[Opening EXTRACTED INFORMATION section]

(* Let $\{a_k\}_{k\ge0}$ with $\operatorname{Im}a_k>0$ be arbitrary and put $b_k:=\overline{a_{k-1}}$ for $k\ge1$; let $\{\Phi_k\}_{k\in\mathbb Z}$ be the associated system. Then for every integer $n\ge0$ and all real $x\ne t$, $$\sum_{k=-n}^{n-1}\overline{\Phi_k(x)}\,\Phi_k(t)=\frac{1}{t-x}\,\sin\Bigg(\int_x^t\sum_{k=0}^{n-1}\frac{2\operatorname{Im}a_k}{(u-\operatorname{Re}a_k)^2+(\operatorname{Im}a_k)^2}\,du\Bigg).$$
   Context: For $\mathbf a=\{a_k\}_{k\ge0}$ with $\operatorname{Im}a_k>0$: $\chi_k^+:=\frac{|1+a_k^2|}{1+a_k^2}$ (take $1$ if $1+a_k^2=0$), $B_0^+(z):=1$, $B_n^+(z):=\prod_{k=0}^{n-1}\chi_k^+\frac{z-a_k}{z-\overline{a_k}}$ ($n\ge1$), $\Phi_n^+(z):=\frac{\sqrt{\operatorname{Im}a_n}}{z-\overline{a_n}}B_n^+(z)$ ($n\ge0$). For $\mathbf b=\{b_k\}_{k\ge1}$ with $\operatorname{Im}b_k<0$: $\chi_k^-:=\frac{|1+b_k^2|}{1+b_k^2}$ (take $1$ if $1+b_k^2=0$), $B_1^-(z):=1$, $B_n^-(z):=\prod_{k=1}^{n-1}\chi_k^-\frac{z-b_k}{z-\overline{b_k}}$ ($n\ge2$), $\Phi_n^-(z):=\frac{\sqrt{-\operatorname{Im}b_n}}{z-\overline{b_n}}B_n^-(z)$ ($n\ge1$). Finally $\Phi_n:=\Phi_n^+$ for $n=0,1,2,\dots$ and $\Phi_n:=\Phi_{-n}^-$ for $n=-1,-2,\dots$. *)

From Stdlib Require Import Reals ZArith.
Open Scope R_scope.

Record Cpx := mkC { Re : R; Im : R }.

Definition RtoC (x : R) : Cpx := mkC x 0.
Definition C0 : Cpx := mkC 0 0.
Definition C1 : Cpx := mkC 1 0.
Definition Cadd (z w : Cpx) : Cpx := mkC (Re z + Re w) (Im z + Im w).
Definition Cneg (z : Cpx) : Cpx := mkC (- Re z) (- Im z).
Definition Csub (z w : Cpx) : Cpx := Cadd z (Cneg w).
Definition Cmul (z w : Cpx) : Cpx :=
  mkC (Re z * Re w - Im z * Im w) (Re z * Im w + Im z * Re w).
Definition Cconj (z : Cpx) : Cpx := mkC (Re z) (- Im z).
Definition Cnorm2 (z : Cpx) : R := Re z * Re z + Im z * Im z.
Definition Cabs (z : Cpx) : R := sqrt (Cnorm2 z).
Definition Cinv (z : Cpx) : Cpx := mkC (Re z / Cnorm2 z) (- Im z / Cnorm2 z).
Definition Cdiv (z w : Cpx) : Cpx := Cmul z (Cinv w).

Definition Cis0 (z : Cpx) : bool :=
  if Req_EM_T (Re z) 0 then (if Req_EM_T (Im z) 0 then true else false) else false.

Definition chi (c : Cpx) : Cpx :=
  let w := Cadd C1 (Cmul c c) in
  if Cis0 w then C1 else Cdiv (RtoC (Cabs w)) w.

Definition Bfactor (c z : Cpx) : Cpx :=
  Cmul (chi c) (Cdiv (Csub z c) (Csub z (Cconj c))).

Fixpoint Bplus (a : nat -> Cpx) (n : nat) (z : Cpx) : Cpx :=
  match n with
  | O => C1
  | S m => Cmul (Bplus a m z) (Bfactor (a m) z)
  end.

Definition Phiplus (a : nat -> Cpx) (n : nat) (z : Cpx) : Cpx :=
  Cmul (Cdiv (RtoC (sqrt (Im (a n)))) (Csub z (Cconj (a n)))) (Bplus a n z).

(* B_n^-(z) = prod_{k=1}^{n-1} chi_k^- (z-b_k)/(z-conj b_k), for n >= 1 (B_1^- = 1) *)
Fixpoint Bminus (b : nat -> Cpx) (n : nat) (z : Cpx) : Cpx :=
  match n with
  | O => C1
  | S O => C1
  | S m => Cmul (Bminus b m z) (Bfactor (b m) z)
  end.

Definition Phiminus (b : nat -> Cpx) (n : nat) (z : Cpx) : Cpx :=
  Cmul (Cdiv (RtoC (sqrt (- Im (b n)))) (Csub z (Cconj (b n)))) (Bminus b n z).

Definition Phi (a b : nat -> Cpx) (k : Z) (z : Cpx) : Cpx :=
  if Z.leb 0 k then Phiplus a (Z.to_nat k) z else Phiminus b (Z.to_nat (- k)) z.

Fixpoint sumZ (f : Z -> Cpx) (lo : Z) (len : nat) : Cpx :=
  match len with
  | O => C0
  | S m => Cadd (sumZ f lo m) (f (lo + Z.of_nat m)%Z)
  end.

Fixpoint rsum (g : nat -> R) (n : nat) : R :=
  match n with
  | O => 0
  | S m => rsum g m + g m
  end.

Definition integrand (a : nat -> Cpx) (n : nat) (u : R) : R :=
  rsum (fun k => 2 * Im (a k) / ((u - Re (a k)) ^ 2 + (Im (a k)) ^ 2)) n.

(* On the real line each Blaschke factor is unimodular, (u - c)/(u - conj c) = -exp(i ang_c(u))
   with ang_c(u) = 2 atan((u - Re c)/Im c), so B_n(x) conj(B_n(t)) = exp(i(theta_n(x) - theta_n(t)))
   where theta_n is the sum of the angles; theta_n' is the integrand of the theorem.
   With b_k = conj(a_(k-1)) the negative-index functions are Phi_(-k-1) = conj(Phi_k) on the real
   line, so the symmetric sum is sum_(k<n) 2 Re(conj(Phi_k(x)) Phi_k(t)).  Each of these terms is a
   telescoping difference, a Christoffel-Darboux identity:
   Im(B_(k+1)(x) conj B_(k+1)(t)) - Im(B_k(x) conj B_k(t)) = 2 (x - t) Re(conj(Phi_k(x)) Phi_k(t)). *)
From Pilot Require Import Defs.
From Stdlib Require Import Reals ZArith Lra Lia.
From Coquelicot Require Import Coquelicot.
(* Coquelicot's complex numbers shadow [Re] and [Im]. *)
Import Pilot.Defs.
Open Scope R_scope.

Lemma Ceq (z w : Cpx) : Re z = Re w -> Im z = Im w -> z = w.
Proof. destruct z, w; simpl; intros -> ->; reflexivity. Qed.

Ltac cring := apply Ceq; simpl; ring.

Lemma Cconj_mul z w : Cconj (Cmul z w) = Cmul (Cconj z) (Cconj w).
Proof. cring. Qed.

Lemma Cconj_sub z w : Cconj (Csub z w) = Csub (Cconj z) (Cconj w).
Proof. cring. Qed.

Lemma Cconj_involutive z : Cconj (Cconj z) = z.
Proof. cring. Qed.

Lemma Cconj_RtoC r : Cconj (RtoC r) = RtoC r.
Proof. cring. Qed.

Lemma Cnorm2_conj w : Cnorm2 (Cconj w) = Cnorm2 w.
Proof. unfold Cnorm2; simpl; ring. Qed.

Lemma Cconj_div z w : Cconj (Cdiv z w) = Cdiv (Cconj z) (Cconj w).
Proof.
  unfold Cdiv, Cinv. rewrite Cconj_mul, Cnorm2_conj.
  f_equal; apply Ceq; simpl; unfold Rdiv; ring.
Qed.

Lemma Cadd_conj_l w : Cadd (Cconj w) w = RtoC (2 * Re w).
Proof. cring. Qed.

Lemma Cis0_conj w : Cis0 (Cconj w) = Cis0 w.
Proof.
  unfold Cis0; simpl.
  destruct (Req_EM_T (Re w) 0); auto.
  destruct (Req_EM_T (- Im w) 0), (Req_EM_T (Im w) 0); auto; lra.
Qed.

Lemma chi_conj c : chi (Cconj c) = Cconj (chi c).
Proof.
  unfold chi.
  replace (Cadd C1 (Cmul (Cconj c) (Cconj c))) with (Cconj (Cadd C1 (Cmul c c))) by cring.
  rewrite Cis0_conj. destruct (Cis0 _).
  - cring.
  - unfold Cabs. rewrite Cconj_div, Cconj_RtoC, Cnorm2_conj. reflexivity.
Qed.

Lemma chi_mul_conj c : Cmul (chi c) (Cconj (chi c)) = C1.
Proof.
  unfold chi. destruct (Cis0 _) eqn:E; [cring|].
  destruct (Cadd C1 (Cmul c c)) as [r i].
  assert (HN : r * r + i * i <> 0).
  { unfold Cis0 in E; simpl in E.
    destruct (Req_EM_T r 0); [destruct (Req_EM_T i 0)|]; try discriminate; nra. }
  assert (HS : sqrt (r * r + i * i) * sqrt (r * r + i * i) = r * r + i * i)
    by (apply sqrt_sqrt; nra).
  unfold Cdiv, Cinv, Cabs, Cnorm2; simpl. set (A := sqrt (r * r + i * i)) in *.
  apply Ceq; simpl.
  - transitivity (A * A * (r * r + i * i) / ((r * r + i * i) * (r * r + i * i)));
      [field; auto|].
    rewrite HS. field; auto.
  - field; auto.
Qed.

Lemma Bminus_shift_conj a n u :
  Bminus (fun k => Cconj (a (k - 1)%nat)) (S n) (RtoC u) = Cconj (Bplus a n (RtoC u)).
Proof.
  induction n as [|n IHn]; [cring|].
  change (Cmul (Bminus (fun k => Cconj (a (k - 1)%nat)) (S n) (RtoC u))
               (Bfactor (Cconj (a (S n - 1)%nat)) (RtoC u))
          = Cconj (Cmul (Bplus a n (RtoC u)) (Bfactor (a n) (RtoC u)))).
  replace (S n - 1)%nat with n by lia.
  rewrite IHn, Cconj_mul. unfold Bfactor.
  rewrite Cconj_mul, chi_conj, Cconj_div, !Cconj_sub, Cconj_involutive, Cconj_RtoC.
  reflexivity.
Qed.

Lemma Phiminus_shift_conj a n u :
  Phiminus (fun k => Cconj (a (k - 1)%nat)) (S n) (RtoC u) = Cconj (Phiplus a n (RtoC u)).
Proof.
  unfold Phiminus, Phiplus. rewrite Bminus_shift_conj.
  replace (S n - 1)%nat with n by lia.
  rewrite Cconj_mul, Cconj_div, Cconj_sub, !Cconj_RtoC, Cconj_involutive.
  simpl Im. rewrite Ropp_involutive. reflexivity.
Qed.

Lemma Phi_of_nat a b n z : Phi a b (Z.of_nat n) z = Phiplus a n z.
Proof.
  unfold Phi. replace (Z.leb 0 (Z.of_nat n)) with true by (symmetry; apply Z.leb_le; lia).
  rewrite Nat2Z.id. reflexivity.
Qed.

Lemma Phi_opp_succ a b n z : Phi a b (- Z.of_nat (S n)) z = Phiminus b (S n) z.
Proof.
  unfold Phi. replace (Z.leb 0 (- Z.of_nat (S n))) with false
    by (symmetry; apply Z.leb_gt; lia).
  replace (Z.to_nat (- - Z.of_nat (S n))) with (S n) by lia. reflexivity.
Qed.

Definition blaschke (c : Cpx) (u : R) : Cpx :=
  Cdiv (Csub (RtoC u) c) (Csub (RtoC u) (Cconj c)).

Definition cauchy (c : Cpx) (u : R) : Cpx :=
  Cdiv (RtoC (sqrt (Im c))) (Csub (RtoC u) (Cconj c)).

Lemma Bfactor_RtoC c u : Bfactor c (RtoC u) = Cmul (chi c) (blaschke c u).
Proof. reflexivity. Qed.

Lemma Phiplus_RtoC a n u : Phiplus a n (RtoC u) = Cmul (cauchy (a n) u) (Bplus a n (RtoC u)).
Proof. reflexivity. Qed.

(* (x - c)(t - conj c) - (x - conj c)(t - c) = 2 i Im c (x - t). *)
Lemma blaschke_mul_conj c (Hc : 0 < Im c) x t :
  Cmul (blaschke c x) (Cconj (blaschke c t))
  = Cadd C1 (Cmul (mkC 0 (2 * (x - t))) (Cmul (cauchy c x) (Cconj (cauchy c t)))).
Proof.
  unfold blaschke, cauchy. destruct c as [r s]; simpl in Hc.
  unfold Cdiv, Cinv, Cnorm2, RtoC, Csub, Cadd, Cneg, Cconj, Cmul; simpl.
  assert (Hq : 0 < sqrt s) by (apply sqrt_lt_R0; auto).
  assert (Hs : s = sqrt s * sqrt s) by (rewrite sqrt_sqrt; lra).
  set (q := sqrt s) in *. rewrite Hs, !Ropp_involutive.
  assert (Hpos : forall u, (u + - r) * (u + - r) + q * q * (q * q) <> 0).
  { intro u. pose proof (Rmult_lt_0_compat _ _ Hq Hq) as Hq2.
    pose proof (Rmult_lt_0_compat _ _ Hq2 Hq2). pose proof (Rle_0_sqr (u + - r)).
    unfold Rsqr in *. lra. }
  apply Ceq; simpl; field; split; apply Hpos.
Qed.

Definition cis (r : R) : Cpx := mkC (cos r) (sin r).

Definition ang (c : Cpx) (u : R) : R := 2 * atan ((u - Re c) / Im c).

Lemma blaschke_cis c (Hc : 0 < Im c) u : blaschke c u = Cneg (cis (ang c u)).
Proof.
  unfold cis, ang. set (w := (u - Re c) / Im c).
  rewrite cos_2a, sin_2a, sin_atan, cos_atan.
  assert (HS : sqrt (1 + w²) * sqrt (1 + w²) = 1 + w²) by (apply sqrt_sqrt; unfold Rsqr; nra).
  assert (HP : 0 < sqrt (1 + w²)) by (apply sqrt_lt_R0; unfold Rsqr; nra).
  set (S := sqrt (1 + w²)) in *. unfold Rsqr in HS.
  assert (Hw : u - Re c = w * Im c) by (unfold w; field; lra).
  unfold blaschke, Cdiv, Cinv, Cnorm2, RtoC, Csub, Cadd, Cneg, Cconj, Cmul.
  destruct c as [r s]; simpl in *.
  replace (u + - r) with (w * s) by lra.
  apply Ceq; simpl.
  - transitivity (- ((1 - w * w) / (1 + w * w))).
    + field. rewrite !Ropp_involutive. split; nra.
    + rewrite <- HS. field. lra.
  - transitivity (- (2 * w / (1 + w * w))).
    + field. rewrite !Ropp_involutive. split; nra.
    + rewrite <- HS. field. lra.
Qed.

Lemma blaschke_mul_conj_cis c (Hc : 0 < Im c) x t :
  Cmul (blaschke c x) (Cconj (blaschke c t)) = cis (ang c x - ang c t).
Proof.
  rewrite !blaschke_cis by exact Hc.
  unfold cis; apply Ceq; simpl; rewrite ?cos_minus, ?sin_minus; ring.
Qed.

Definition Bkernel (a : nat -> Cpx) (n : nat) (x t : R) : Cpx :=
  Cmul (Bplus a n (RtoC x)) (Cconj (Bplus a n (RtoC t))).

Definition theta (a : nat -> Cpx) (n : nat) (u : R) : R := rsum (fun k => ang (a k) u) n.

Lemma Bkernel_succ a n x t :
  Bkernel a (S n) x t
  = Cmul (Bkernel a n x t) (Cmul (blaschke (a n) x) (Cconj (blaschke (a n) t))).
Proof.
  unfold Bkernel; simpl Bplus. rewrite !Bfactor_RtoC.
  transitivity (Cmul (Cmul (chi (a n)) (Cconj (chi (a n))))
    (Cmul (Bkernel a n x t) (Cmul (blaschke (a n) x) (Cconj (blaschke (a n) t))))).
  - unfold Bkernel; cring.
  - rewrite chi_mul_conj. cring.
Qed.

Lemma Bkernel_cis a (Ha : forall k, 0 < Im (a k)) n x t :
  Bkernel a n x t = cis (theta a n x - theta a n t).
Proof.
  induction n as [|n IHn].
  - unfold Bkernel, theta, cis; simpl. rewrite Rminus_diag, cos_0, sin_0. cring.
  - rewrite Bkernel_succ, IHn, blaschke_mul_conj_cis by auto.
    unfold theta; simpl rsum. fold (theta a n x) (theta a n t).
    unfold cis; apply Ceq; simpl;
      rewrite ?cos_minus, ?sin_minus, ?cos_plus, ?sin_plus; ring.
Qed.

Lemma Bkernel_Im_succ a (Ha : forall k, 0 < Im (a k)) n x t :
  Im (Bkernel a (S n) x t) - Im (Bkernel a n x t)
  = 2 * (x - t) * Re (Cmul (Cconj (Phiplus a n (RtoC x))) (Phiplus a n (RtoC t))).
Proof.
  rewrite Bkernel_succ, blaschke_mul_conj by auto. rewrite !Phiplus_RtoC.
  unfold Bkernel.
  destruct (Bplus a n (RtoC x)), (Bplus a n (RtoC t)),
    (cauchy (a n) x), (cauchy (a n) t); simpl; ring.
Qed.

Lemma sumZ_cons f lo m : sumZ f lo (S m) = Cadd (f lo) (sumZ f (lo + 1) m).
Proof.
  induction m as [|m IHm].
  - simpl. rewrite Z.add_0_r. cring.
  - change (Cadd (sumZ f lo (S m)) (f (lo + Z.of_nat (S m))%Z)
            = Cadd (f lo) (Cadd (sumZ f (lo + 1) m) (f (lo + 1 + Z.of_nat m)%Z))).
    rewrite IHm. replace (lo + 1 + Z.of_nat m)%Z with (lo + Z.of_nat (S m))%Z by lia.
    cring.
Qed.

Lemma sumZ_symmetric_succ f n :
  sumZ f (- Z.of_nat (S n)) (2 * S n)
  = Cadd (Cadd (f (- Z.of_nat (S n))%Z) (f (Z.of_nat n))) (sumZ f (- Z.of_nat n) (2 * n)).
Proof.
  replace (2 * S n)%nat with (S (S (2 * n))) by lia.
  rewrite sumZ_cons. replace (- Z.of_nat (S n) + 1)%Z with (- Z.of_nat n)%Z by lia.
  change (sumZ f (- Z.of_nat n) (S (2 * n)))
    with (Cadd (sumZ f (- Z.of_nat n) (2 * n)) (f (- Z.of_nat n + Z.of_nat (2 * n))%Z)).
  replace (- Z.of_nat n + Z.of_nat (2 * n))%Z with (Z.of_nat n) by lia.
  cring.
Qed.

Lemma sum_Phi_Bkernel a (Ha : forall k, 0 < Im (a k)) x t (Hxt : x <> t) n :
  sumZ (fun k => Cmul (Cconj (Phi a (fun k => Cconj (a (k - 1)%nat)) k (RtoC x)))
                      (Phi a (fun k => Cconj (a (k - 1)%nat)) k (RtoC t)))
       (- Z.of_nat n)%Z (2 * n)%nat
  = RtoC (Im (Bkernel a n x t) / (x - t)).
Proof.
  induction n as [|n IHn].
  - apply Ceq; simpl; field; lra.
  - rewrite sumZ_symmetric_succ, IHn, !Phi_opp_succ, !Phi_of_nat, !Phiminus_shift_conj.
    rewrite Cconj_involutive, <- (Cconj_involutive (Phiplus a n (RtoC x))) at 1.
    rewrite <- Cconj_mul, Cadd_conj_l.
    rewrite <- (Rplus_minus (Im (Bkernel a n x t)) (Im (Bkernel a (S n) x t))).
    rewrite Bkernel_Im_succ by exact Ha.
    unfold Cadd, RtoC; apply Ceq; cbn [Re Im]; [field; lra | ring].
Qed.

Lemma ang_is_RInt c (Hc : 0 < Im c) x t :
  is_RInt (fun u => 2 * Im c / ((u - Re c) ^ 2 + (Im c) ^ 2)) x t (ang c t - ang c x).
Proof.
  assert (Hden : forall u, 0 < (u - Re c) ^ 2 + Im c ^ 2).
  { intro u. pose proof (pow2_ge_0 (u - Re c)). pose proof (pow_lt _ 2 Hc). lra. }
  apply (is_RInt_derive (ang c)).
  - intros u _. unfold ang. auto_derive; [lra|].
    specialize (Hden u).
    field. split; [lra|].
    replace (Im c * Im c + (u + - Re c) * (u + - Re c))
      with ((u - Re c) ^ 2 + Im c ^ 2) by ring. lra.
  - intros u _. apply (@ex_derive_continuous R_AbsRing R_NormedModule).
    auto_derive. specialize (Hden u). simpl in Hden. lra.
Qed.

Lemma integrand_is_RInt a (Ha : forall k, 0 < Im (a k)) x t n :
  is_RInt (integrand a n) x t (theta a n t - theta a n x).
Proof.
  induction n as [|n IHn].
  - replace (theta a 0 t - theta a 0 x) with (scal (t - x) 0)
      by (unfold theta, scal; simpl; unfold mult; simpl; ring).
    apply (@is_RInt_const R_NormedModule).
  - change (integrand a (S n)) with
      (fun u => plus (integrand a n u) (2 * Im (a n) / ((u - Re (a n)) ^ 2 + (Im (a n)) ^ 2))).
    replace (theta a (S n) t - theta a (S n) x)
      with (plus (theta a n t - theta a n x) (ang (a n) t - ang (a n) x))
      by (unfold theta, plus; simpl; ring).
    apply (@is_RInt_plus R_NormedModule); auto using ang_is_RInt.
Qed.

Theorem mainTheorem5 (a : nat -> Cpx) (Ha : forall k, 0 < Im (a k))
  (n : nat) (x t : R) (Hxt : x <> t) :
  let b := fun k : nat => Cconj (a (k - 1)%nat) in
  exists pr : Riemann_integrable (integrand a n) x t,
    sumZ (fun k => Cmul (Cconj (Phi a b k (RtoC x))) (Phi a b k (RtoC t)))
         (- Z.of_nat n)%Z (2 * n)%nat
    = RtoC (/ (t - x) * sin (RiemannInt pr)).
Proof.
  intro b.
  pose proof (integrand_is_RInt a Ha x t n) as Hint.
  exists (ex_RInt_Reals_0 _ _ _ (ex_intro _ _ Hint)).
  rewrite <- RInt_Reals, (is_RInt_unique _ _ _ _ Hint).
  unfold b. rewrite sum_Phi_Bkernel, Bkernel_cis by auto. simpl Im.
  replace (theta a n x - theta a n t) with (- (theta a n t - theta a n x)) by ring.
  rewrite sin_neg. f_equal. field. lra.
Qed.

[Closing EXTRACTED INFORMATION section]

## [ASSIGNED TASK]
Only the lines above from the one with "assert (Hq : 0" up to and including the one with "Definition ang (c" should be repeated, exactly as written.

## [THE ANSWER]
  assert (Hq : 0 < sqrt s) by (apply sqrt_lt_R0; auto).
  assert (Hs : s = sqrt s * sqrt s) by (rewrite sqrt_sqrt; lra).
  set (q := sqrt s) in *. rewrite Hs, !Ropp_involutive.
  assert (Hpos : forall u, (u + - r) * (u + - r) + q * q * (q * q) <> 0).
  { intro u. pose proof (Rmult_lt_0_compat _ _ Hq Hq) as Hq2.
    pose proof (Rmult_lt_0_compat _ _ Hq2 Hq2). pose proof (Rle_0_sqr (u + - r)).
    unfold Rsqr in *. lra. }
  apply Ceq; simpl; field; split; apply Hpos.
Qed.

Definition cis (r : R) : Cpx := mkC (cos r) (sin r).

Definition ang (c : Cpx) (u : R) : R := 2 * atan ((u - Re c) / Im c).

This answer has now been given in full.